We noticed that some data on the number of steps are missing. We want to have a sense of the impact of these NAs on the study.
number of NAs :
print (nrow(df[is.na(df$steps) , ]))
## [1] 2304
number of NAs as a percentage of the whole data:
print(nrow(df[is.na(df$steps) , ])/ nrow(df) *100)
## [1] 13.11475
To fill all the gaps caused by the NA values in the dataset, I replaced each of the missing number of steps in a certain time interval in a certain day with the mean of the number of steps of that save time interval actoss the rest of days.
df4<-df
for(i in 1:nrow(df4))
{
if(is.na(df4[i,1]) )
df4[i,1]<-df3[df3$interval==df4[i,3] , 2]
}
Now, with our newly filled dataset, we calculate the mean of the number of steps taken per day again and store it in df5.
x<-tapply(df4$steps , df4$date , sum , na.rm=TRUE)
df5<-data.frame(date=names(x), steps=as.vector(x))
and we plot the resulting data in the form of a historam.
g<-ggplot(df5, aes(steps)) +
geom_histogram(binwidth=1000,color="black" , fill="lightblue")+
geom_vline( data=df5 , aes(xintercept = mean(steps) ) , color="red", size=1.2)+
geom_vline( data=df5 , aes(xintercept = median(steps)), color="blue", size=1.2)+
labs(title = "Number of steps taken each day (with ampitued NAs)" , x="number of steps")
print(g)
The mean and the median of the number of steps taken each day with ampitued data:
sprintf("Mean = %f",mean(df5$steps))
## [1] "Mean = 10766.188679"
sprintf("Median = %f",median(df5$steps ))
## [1] "Median = 10766.188679"
because of filling the missing data with the means of the full data , the mean and the median got centerd around the same value 1.076618910^{4}
we add the week factor to the given data using the weekdays() function.
df<-df4
x<-(weekdays(df$date) %in% c("samedi","dimanche"))
df$type[x==TRUE]<-"weekend"
df$type[x==FALSE]<-"weekday"
df$type<-as.factor(df$type)
now we create a new data frame containing the the number of steps taken each interval with the new factor variable “type” that tells us whether it’s a weekday or a weekend.
x<-tapply(df$steps ,list(df$type,df$interval), mean)
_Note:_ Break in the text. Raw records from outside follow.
(* Let $\alpha:=\frac{\sqrt{e^2+4}-e}{2e}\approx0.2178$. For $x\in[0,1]$, $y\ge0$ with $a:=|x-y|\le\alpha$, we have \[ |x\log x-y\log y|\le -a\log a, \] with the convention $0\log0=0$. *)

From Stdlib Require Import Reals.
Open Scope R_scope.

Definition xlogx (x : R) : R := if Req_EM_T x 0 then 0 else x * ln x.

Definition alpha : R := (sqrt (exp 1 ^ 2 + 4) - exp 1) / (2 * exp 1).

(** Write [{x, y} = {u, u + a}] with [u = min x y <= 1] and [a = |x - y|].  Then
    [(u+a) ln(u+a) - u ln u = a ln(u+a) + u (ln(u+a) - ln u)], and
    [0 <= u (ln(u+a) - ln u) <= a] by [ln t <= t - 1].  Monotonicity of [ln]
    squeezes the difference between [a ln a] and [a ln(1+a) + a]; the latter is
    at most [-a ln a] as soon as [a (1+a) <= e^-1], which holds on [[0, alpha]]
    because [alpha (1+alpha) = e^-2]. *)

From Stdlib Require Import Reals Lra Psatz.
Open Scope R_scope.

Lemma xlogxE (x : R) : xlogx x = x * ln x.
Proof. unfold xlogx; destruct (Req_EM_T x 0) as [->|_]; ring. Qed.

Lemma ln_le (x y : R) : 0 < x -> x <= y -> ln x <= ln y.
Proof.
  intros Hx [Hxy | <-]; [left; apply ln_increasing |]; lra.
Qed.

Lemma ln_le_sub_1 (x : R) : 0 < x -> ln x <= x - 1.
Proof.
  intros Hx. pose proof (exp_ineq1_le (ln x)) as H.
  rewrite exp_ln in H by exact Hx. lra.
Qed.

Lemma mul_ln_increment_le (u a : R) :
  0 < u -> 0 <= a -> u * (ln (u + a) - ln u) <= a.
Proof.
  intros Hu Ha.
  assert (Eq : ln (u + a) - ln u = ln ((u + a) / u)).
  { unfold Rdiv. rewrite ln_mult, ln_Rinv by (try apply Rinv_0_lt_compat; lra).
    ring. }
  assert (Hq : 0 < (u + a) / u) by (apply Rdiv_lt_0_compat; lra).
  pose proof (ln_le_sub_1 _ Hq) as H.
  rewrite Eq. apply Rmult_le_compat_l with (r := u) in H; [| lra].
  replace (u * ((u + a) / u - 1)) with a in H by (field; lra). exact H.
Qed.

Lemma xlogx_add_ge (u a : R) :
  0 <= u -> 0 < a -> a * ln a <= xlogx (u + a) - xlogx u.
Proof.
  intros Hu Ha. rewrite !xlogxE.
  assert (Hln : ln a <= ln (u + a)) by (apply ln_le; lra).
  destruct (Req_dec u 0) as [-> | Hu0].
  - rewrite Rplus_0_l. lra.
  - assert (Hinc : ln u <= ln (u + a)) by (apply ln_le; lra).
    nra.
Qed.

Lemma xlogx_add_le (u a : R) :
  0 <= u -> 0 < a -> xlogx (u + a) - xlogx u <= a * ln (u + a) + a.
Proof.
  intros Hu Ha. rewrite !xlogxE.
  destruct (Req_dec u 0) as [-> | Hu0].
  - rewrite Rplus_0_l. lra.
  - pose proof (mul_ln_increment_le u a ltac:(lra) ltac:(lra)). nra.
Qed.

Lemma alpha_mul_succ : alpha * (1 + alpha) = exp (-2).
Proof.
  assert (He : 0 < exp 1) by apply exp_pos.
  assert (Hsq := sqrt_sqrt (exp 1 ^ 2 + 4) ltac:(nra)).
  replace (-2) with (- (1 + 1)) by ring.
  rewrite exp_Ropp, exp_plus.
  unfold alpha. set (s := sqrt (exp 1 ^ 2 + 4)) in *.
  replace ((s - exp 1) / (2 * exp 1) * (1 + (s - exp 1) / (2 * exp 1)))
    with ((s * s - exp 1 * exp 1) / (4 * exp 1 * exp 1)) by (field; lra).
  rewrite Hsq. field. lra.
Qed.

Lemma ln_mul_succ_le (a : R) : 0 < a -> a <= alpha -> ln a + ln (1 + a) <= -2.
Proof.
  intros Ha Hal. rewrite <- ln_mult by lra. rewrite <- (ln_exp (-2)).
  apply ln_le; [nra |]. rewrite <- alpha_mul_succ. nra.
Qed.

Lemma xlogx_add_abs_le (u a : R) :
  0 <= u <= 1 -> 0 <= a <= alpha -> Rabs (xlogx (u + a) - xlogx u) <= - xlogx a.
Proof.
  intros Hu Ha. destruct (Req_dec a 0) as [-> | Ha0].
  - rewrite Rplus_0_r, Rminus_diag, Rabs_R0, xlogxE, Rmult_0_l, Ropp_0.
    apply Rle_refl.
  - assert (Hap : 0 < a) by lra.
    pose proof (xlogx_add_ge u a ltac:(lra) Hap).
    pose proof (xlogx_add_le u a ltac:(lra) Hap).
    pose proof (ln_mul_succ_le a Hap ltac:(lra)).
    assert (ln (u + a) <= ln (1 + a)) by (apply ln_le; lra).
    rewrite (xlogxE a). apply Rabs_le. split; nra.
Qed.

Theorem lemma5 (x y : R) (hx0 : 0 <= x) (hx1 : x <= 1) (hy : 0 <= y)
  (ha : Rabs (x - y) <= alpha) :
  Rabs (xlogx x - xlogx y) <= - xlogx (Rabs (x - y)).
Proof.
  destruct (Rle_lt_dec x y) as [Hxy | Hyx].
  - assert (Ea : Rabs (x - y) = y - x) by (rewrite Rabs_left1; lra).
    rewrite Ea in *. rewrite Rabs_minus_sym.
    replace y with (x + (y - x)) at 1 by ring.
    apply xlogx_add_abs_le; lra.
  - assert (Ea : Rabs (x - y) = x - y) by (rewrite Rabs_right; lra).
    rewrite Ea in *.
    replace x with (y + (x - y)) at 1 by ring.
    apply xlogx_add_abs_le; lra.
Qed.
Lemma metric_open_self {T : Type} (d : T -> T -> \bar R) (S : set T) :
  metric_open d S S.
Proof. by split=> // u _; exists 1. Qed.

Lemma cont_on_id {T : Type} (d : T -> T -> \bar R) (S : set T) :
  cont_on S (metric_open d S) S (metric_open d S) id.
Proof.
split=> // U [_ U_open]; split=> [x [] //|u [Su /U_open [e e_gt0 e_U]]].
by exists e => // v Sv uv_lt; split=> //; exact: e_U.
Qed.

Lemma cont_on_fst {T1 T2 : Type} (d1 : T1 -> T1 -> \bar R) (d2 : T2 -> T2 -> \bar R)
    (S1 : set T1) (S2 : set T2) :
  cont_on (S1 `*` S2) (prod_open S1 (metric_open d1 S1) S2 (metric_open d2 S2))
          S1 (metric_open d1 S1) fst.
Proof.
split=> [p [] //|U U_open]; split=> [p [] //|[x y] [[/= S1x S2y] Ux]].
exists U, S2; split=> //; first exact: metric_open_self.
by move=> [x' y'] [/= Ux' S2y']; split=> //; split=> //; exact: U_open.1.
Qed.

Lemma cont_on_restrict {T T' : Type} (d : T -> T -> \bar R) (S S' : set T)
    (ST : set T') OT (f : T -> T') :
  S' `<=` S -> cont_on S (metric_open d S) ST OT f -> cont_on S' (metric_open d S') ST OT f.
Proof.
move=> S'S [fS f_cont]; split=> [x /S'S /fS //|U /f_cont [_ U_open]].
split=> [x [] //|u [S'u Ufu]].
have [e e_gt0 e_U] := U_open u (conj (S'S _ S'u) Ufu).
by exists e => // v S'v uv_lt; split=> //; exact: (e_U v (S'S _ S'v) uv_lt).2.
Qed.
Definition equivariant_graver (c m : nat) (L : vec c m -> Prop) (G : seq (vec c m)) : Prop :=
  (forall g, List.In g G -> L g) /\
  (forall x, graver_elem L x <-> exists s : finperm, exists2 g, List.In g G & x = act s g).

(* A finitely supported vector is recorded by its Z^m-part and the word of
   its columns in Z^c up to its support.  The conformal order on columns is a
   wqo (Dickson), hence so is the embedding order on words (Higman), and an
   embedding of words with increasing index map h is realised by a finitary
   permutation sending column i to column h i: the conformal order up to Sym
   is a wqo on finitely supported vectors.  Were there no finite equivariant
   Graver basis, one could choose Graver elements g_0, g_1, ... each outside
   the Sym-orbits of its predecessors; the wqo gives i < j and sigma with
   sigma g_i below g_j, and minimality of g_j forces g_j = sigma g_i. *)

From mathcomp Require Import all_boot all_algebra zify.
From Stdlib Require Import ClassicalEpsilon FunctionalExtensionality.
Set Implicit Arguments. Unset Strict Implicit. Unset Printing Implicit Defensive.
Import GRing.Theory Num.Theory.

Definition good T (R : T -> T -> Prop) (f : nat -> T) :=
  exists i j, i < j /\ R (f i) (f j).
Definition wqo T (R : T -> T -> Prop) := forall f : nat -> T, good R f.
Definition ptransitive T (R : T -> T -> Prop) :=
  forall y x z, R x y -> R y z -> R x z.
Lemma Pconj_proj_repr g y : g \in T -> y \in T ->
  Pconj P g id y = factor_set_mu alpha g y *: (P g *m P y *m invmx (P g)).
Proof.
move=> Tg Ty; have Tg' : (g^-1 \in T)%g by rewrite groupV.
have Tyg' : (y * g^-1 \in T)%g by rewrite groupM.
rewrite /Pconj map_mx_id // invmx_proj_repr // -scalemxAr -mulmxA.
rewrite proj_reprM // -scalemxAr proj_reprM // !scalerA mulgA /factor_set_mu.
have a1 := factor_set_neq0 Tg Tg'; have a2 := factor_set_neq0 Tg Tyg'.
have a3 := factor_set_neq0 Ty Tg'.
set a := alpha g g^-1%g; set b := alpha g (y * g^-1)%g; set c := alpha y g^-1%g.
have -> : a / (b * c) * (a^-1 * c) * b = 1 by field; rewrite a1 a2 a3.
by rewrite scale1r.
Qed.

Lemma factor_set_mu1 g : g \in T -> factor_set_mu alpha g 1%g = 1.
Proof.
move=> Tg; have Tg' : (g^-1 \in T)%g by rewrite groupV.
by rewrite /factor_set_mu mul1g factor_set1l // mulr1 divff ?factor_set_neq0.
Qed.

Lemma factor_set_mu_neq0 g y : g \in T -> y \in T -> factor_set_mu alpha g y != 0.
Proof.
move=> Tg Ty; have Tg' : (g^-1 \in T)%g by rewrite groupV.
by rewrite mulf_neq0 ?invr_neq0 ?mulf_neq0 ?factor_set_neq0 ?groupM.
Qed.

Lemma factor_set_mu_mulNl g m y : g \in T -> m \in N -> y \in T ->
  factor_set_mu alpha g (m * y)%g = factor_set_mu alpha g y.
Proof.
move=> Tg Nm Ty; have uPg := proj_repr_unitmx Tg.
have Tm := subsetP sNT m Nm; have Tmy := groupM Tm Ty.
have N_gmg' : (g * m * g^-1)%g \in N by rewrite memJV_norm ?(subsetP nNT).
have T_gyg' : (g * y * g^-1)%g \in T by rewrite !groupM ?groupV.
have P_gmg' : P (g * m * g^-1)%g = P g *m P m *m invmx (P g).
  apply: (canRL (mulmxK uPg)).
  by rewrite -(proj_repr_mulNl N_gmg' Tg) mulgKV proj_repr_mulNr.
have Pconj_id z : Pconj P g id z = P (g * z * g^-1)%g by rewrite /Pconj map_mx_id.
apply: (scalerIv (v := P g *m P (m * y)%g *m invmx (P g))).
  apply: unitmx_neq0 proj_repr_dim_gt0 _.
  by rewrite !unitmx_mul uPg proj_repr_unitmx // unitmx_inv.
rewrite -Pconj_proj_repr // Pconj_id.
have -> : (g * (m * y) * g^-1 = (g * m * g^-1) * (g * y * g^-1))%g.
  by rewrite !mulgA mulgKV.
rewrite proj_repr_mulNl // P_gmg' -Pconj_id Pconj_proj_repr // -scalemxAr.
by rewrite !mulmxA mulmxKV // -[P g *m P m *m P y]mulmxA -proj_repr_mulNl.
Qed.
df6<-data.frame(steps=numeric(), interval=numeric(), type=factor(levels = c("weekday","weekend")))
for(i in 1:ncol(x))
for(j in 1:nrow(x))
{
df6[nrow(df6)+1 , ]<- list(steps=x[j,i] ,
interval=as.numeric(colnames(x)[i]) ,
type=rownames(x)[j]
)
}
now we make our time series plot of the average number of steps per intervale in either a weekday or weekend
g<-ggplot(df6,aes(interval,steps)) +
geom_line(color="red" )+
facet_grid(type~.) +
scale_x_continuous(breaks=seq(0,2355,200) )+
labs(title="Average steps taken per interval (weekdays/weekends)", x="time interval", y="number of steps")
print(g)
We can notice a slight decrease in the number of average steps taken at the morning hours of weekends compared to weekdays, which might be due to waking up late on some weekends(5:00-8:00 am) we also notice a small increase in the number of steps taken at some hours of the afternoon during the weekends.